ROD PAMPLING: It’s been great. Obviously, it’s all been very positive. You sort of don’t want to hear it, but everyone’s saying to you, “wow, you’re 47 and you can still do it”. It is obviously a great achievement to have done that at that age. I used to always hear people saying they never feel as old as they are and I’m right there now. So as I say, the body feels good and I’m looking forward to some challenges in the next few years.
WYZA: Obviously that win frees you up a lot in terms of your options, but mentally, how much confidence does it give you coming off the back of that?
ROD PAMPLING: Tons, it’s the freedom again. It allows you to be a little bit more aggressive at a shot, second shot. You’re just not in protect mode anymore. Obviously, it will change a little bit coming down the stretch because you’ll never want to throw a tournament away with nine holes to go, but I think it will allow me to get into that position a lot more.
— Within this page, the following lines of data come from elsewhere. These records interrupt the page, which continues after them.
Lemma prox_steps_vanish : Un_cv (fun m => nsq (ntot I ni) (vsub (xs (S m)) (xs m))) 0.
Proof.
  set (n := ntot I ni).
  destruct (decreasing_cv (fun m => nsq n (vsub (xs m) xe))) as [l Hl].
  - intros m; apply prox_dist_decr; auto.
  - exists 0. intros z [m ->]. unfold opp_seq. pose proof (nsq_nonneg n (vsub (xs m) xe)). lra.
  - apply (cv_squeeze _ _ (fun m => nsq n (vsub (xs m) xe) - nsq n (vsub (xs (S m)) xe))).
    + intros m. pose proof (prox_fejer xe Hxe m).
      pose proof (nsq_nonneg n (vsub (xs (S m)) (xs m))).
      rewrite Rminus_0_r, Rabs_right by lra. fold n in H. lra.
    + replace 0 with (l - l) by ring. apply CV_minus; auto.
      apply (sub_cv S (fun m => nsq n (vsub (xs m) xe))); auto. intros m; lia.
Qed.
Lemma CentAut_chi s : Orth d s -> CentAut d (chi s).
Proof.
move=> Os; have s_unit := Os.1; split=> [f|]; first exact: Cent_chi.
split=> [f g _ _ | g Cg | | a f g _ _ | f g _ _].
- by move=> eq_fg; rewrite -(chiK s_unit f) eq_fg chiK.
- exists (chi (invmx s) g); first by apply: Cent_chi => //; apply: Orth_invmx.
  have si_unit : invmx s \in unitmx by rewrite unitmx_inv.
  by rewrite -{2}(chiK si_unit g) invmxK.
- by rewrite /chi mulmx1 mulmxV.
- by rewrite /chi mulmxDr mulmxDl -!scalemxAr -scalemxAl.
- by rewrite /chi !mulmxA mulmxKV.
Qed.

Lemma chi_scalar (z : k) f : z != 0 -> chi z%:M f = f.
Proof.
move=> z0; have z_unit : (z%:M : 'M[k]_n) \in unitmx.
  by rewrite unitmxE det_scalar unitfE expf_neq0.
by rewrite /chi -scalar_mxC -mulmxA mulmxV ?mulmx1.
Qed.

End Conjugation.

Section Kernel.
Variables (k : fieldType) (n d : nat).

Lemma comm_mulpoly_mxE (s : 'M[k]_n.+1) :
  (forall p, s *m mulpoly_mx p = mulpoly_mx p *m s) ->
  s = mulpoly_mx (poly_of_cv (s *m cv_of_poly 1)).
Proof.
move=> s_comm; apply: mx_cV_ext => x.
have -> : x = mulpoly_mx (poly_of_cv x) *m cv_of_poly 1.
  by rewrite mulpoly_mx_cv1 poly_of_cvK.
by rewrite mulmxA s_comm -mulmxA mulpoly_mxE mulpoly_mx_cv1 mulpoly_mx_cv mulrC.
Qed.

Lemma Orth_mulpoly_mx_pow (c : {poly k}) : (0 < d)%N ->
  Orth d (mulpoly_mx c : 'M[k]_n.+1) -> take_poly n.+1 (c ^+ d) = 1.
Proof.
move=> d_gt0 [_ Oc].
suff /cv_of_poly_eq -> : cv_of_poly (c ^+ d) = cv_of_poly 1 :> 'cV[k]_n.+1.
  by rewrite take_poly_id ?size_poly1.
apply: cv_of_poly_pairing => y; have := Oc (nth (cv_of_poly 1) [:: y]).
rewrite Theta_mulpoly // Theta_poly // !prod_poly_of_cv_nth // big_seq1.
by rewrite prodr_const card_ord mul1r.
Qed.

Lemma ker_chiP (s : 'M[k]_n.+1) : [pchar k] =i pred0 -> (1 < d)%N -> Orth d s ->
  (forall f, Cent d f -> chi s f = f) <-> exists2 z : k, z ^+ d = 1 & s = z%:M.
Proof.
move=> char0 d_gt1 Os; have d_gt0 := ltnW d_gt1.
split=> [chi_id | [z zd1 ->] f _]; last by apply/chi_scalar/(rootn1_neq0 d_gt0).
have s_comm p : s *m mulpoly_mx p = mulpoly_mx p *m s.
  have e := chi_id _ (Cent_mulpoly_mx p d_gt1).
  by rewrite -{2}e /chi mulmxKV //; case: Os.
have sE := comm_mulpoly_mxE s_comm; set c := poly_of_cv _ in sE.
have cd1 : take_poly n.+1 (c ^+ d) = 1.
  by apply: (Orth_mulpoly_mx_pow d_gt0); rewrite -sE.
exists c`_0; first by have /polyP/(_ 0%N) := cd1; rewrite coef_take_poly coef1 coef0_exp.
by rewrite sE -mulpoly_mx_take (take_poly_pow_eq1 char0 d_gt0 cd1) mulpoly_mxC.
Qed.

End Kernel.

Section Surjectivity.
Variables (k : closedFieldType) (n d : nat) (phi : 'M[k]_n.+1 -> 'M[k]_n.+1).
Hypotheses (d_gt2 : (2 < d)%N)
  (phi_Cent : forall f, Cent d f -> Cent d (phi f))
  (phi_inj : forall f g, Cent d f -> Cent d g -> phi f = phi g -> f = g)
  (phi1 : phi 1%:M = 1%:M)
  (phi_lin : forall a f g, Cent d f -> Cent d g ->
     phi (a *: f + g) = a *: phi f + phi g)
  (phiM : forall f g, Cent d f -> Cent d g -> phi (f *m g) = phi f *m phi g).

Implicit Types (p : {poly k}) (u : 'cV[k]_n.+1).

Let Cent_mulpoly p : Cent d (mulpoly_mx p : 'M[k]_n.+1) := Cent_mulpoly_mx p (ltnW d_gt2).

Definition phi_poly p := phi (mulpoly_mx p).

Fact phi_poly_is_linear : linear phi_poly.
Proof. by move=> a p q; rewrite /phi_poly linearP phi_lin //; apply: Cent_mulpoly. Qed.

HB.instance Definition _ :=
  GRing.isLinear.Build k {poly k} 'M[k]_n.+1 _ phi_poly phi_poly_is_linear.

Fact phi_poly_is_monoid_morphism : monoid_morphism phi_poly.
Proof.
split=> [|p q]; rewrite /phi_poly ?rmorph1 // rmorphM -mulmxE phiM //.
all: exact: Cent_mulpoly.
Qed.

HB.instance Definition _ :=
  GRing.isMonoidMorphism.Build {poly k} 'M[k]_n.+1 phi_poly phi_poly_is_monoid_morphism.

Lemma phi_polyE p : phi_poly p = mulpoly_mx (poly_of_cv (phi_poly p *m cv_of_poly 1)).
Proof. exact: Cent_mulpolyE d_gt2 (phi_Cent (Cent_mulpoly p)). Qed.

Lemma phi_poly_take p : phi_poly (take_poly n.+1 p) = phi_poly p.
Proof. by rewrite /phi_poly mulpoly_mx_take. Qed.

Definition phiX := poly_of_cv (phi_poly 'X *m cv_of_poly 1).

Lemma phi_polyX : phi_poly 'X = mulpoly_mx phiX.
Proof. exact: phi_polyE. Qed.

Lemma phiX_coef0 : phiX`_0 = 0.
Proof.
have : take_poly n.+1 (phiX ^+ n.+1) = 0.
  apply: (@mulpoly_mx_eq0 _ n); rewrite rmorphXn /= -phi_polyX -rmorphXn /=.
  rewrite /phi_poly mulpoly_mxXn.
  by rewrite -{1}(rmorph0 (@mulpoly_mx k n)) -/(phi_poly 0) rmorph0.
move/polyP/(_ 0%N); rewrite coef_take_poly coef0 coef0_exp => /eqP.
by rewrite expf_eq0 => /andP[_ /eqP].
Qed.

Definition phi_mx :=
  lin_cmx (fun u : 'cV[k]_n.+1 => phi_poly (poly_of_cv u) *m cv_of_poly 1).

Lemma mul_phi_mx u : phi_mx *m u = phi_poly (poly_of_cv u) *m cv_of_poly 1.
Proof. by rewrite mul_lin_cmx // => a v w; rewrite !linearP /= mulmxDl scalemxAl. Qed.

Lemma phi_mx_mulpoly p u :
  phi_mx *m (mulpoly_mx p *m u) = phi_poly p *m (phi_mx *m u).
Proof.
by rewrite !mul_phi_mx poly_of_mulpoly_mx phi_poly_take rmorphM -mulmxE mulmxA.
Qed.

Lemma phi_mx_unit : phi_mx \in unitmx.
Proof.
apply: unitmx_inj => x; rewrite mul_phi_mx => phi_x1.
have phi_x : phi_poly (poly_of_cv x) = phi_poly 0.
  by rewrite phi_polyE phi_x1 linear0 !rmorph0.
have := phi_inj (Cent_mulpoly (poly_of_cv x)) (Cent_mulpoly 0) phi_x.
by rewrite rmorph0 => px0; rewrite -[x]poly_of_cvK -mulpoly_mx_cv1 px0 mul0mx.
Qed.

Definition phi_dual := rVpoly (row 0 (invmx phi_mx)).

Lemma coefn_phi_dual G : (phi_dual * poly_of_cv (phi_poly G *m cv_of_poly 1))`_n = G`_n.
Proof.
rewrite coefn_rVpoly_mul -phi_poly_take -cv_of_polyK -mul_phi_mx -row_mul.
by rewrite mulKmx ?phi_mx_unit // !mxE subn0.
Qed.

Lemma phi_dual_coef0 : phi_dual`_0 != 0.
Proof.
have phiXE : phiX = drop_poly 1 phiX * 'X.
  rewrite -{1}(poly_take_drop 1 phiX) expr1 [take_poly 1 phiX](_ : _ = 0) ?add0r //.
  by apply/polyP => -[|i]; rewrite coef_take_poly ?phiX_coef0 // coef0.
have := coefn_phi_dual 'X^n; rewrite coefXn eqxx rmorphXn /= phi_polyX -rmorphXn /=.
rewrite mulpoly_mx_cv1 cv_of_polyK coefn_mul_take phiXE exprMn mulrA coefMXn ltnn.
rewrite subnn coef0M => dual1; apply/eqP => dual0.
by move: dual1; rewrite dual0 mul0r => /eqP; rewrite eq_sym oner_eq0.
Qed.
WYZA: How do you keep your initial desire to play the game, even when the wins are not coming as often as you’d like?
ROD PAMPLING: You never lose a desire to play the game. As soon as you lose that, it’s too hard. The competition’s too strong. But, I’ve never lost the desire. I know it’s always been in there. I’ve always felt good. So, you just keep working. Obviously there still needs to be a light somewhere there that you can see. I could still see it was there. It was just getting a chance for it to happen and thankfully, we had the chance and we took the opportunity.
WYZA: Rod, we just had Jordan Spieth (American golfer, currently ranked as the World’s 5th best player) in here at 23 years old. Can you remember back when you were 23? Has the game itself changed in those years?
ROD PAMPLING: I guess at 23 I was still in the shop at Bribie Island [Queensland], I think, at that stage. So things have changed a little bit since then. The biggest change is the carry of the driver, the carry they have. I still think I hit it pretty hard, but I just don’t carry it like these guys do, so my direction needs to be a bit better. You take the drive away and the rest of it’s pretty similar. It’s a tough game and you’re going to have these young guys who haven’t got a lot of scar tissue right now and they can just go at everything.
Eventually, they’ll have a little bit of that and there’ll be some kid five years younger than they are that doesn’t have that anymore. It’s just a progress throughout the whole career where you just deal with little things here and there and overcome it and then you just continue on.
As I said, the game is a lot deeper, there’s more depth in players now. Every person in the field can basically win. I think the carry is more, the guys can carry it. That 300 now seems to be a pretty simple number.
WYZA: Obviously you’re in fantastic form. You mentioned you’re not driving as far as the younger guys now, but looking at Vegas, the putter was on fire, how important will that be from now on?
ROD PAMPLING: Yeah, the putter has got to be hot, there’s no question. You can’t win it if you’re not putting good. Thankfully, mine woke up at the right time. Obviously, it still feels good in the hand.
WYZA: Rod, you’re one of the elder statesmen of Australian golf. What do you see with the younger players here in Australia and if there is anything you could tell them with their ambitions to the US, what would you be telling them?
ROD PAMPLING: Obviously, there’s a lot of good talent here right now. There’s a lot of very good swingers of the golf club. I think the best thing is they’ve just got to learn to play golf. It’s still golf. It doesn’t matter how hard and high and handsome, whatever you want to call it, they hit it, you’ve still got to play golf.
As I said, there’s a lot of good talent out here and obviously, some of them have picked up that pretty quickly, but yeah, with the US, there’s no need to be scared, it’s guys just playing golf. Still at the end of the day, that’s all it is, so, basically, you’ve got to perform at the time. It doesn’t matter where you are, you’ve just got to back yourself and go over there and give it a good shot.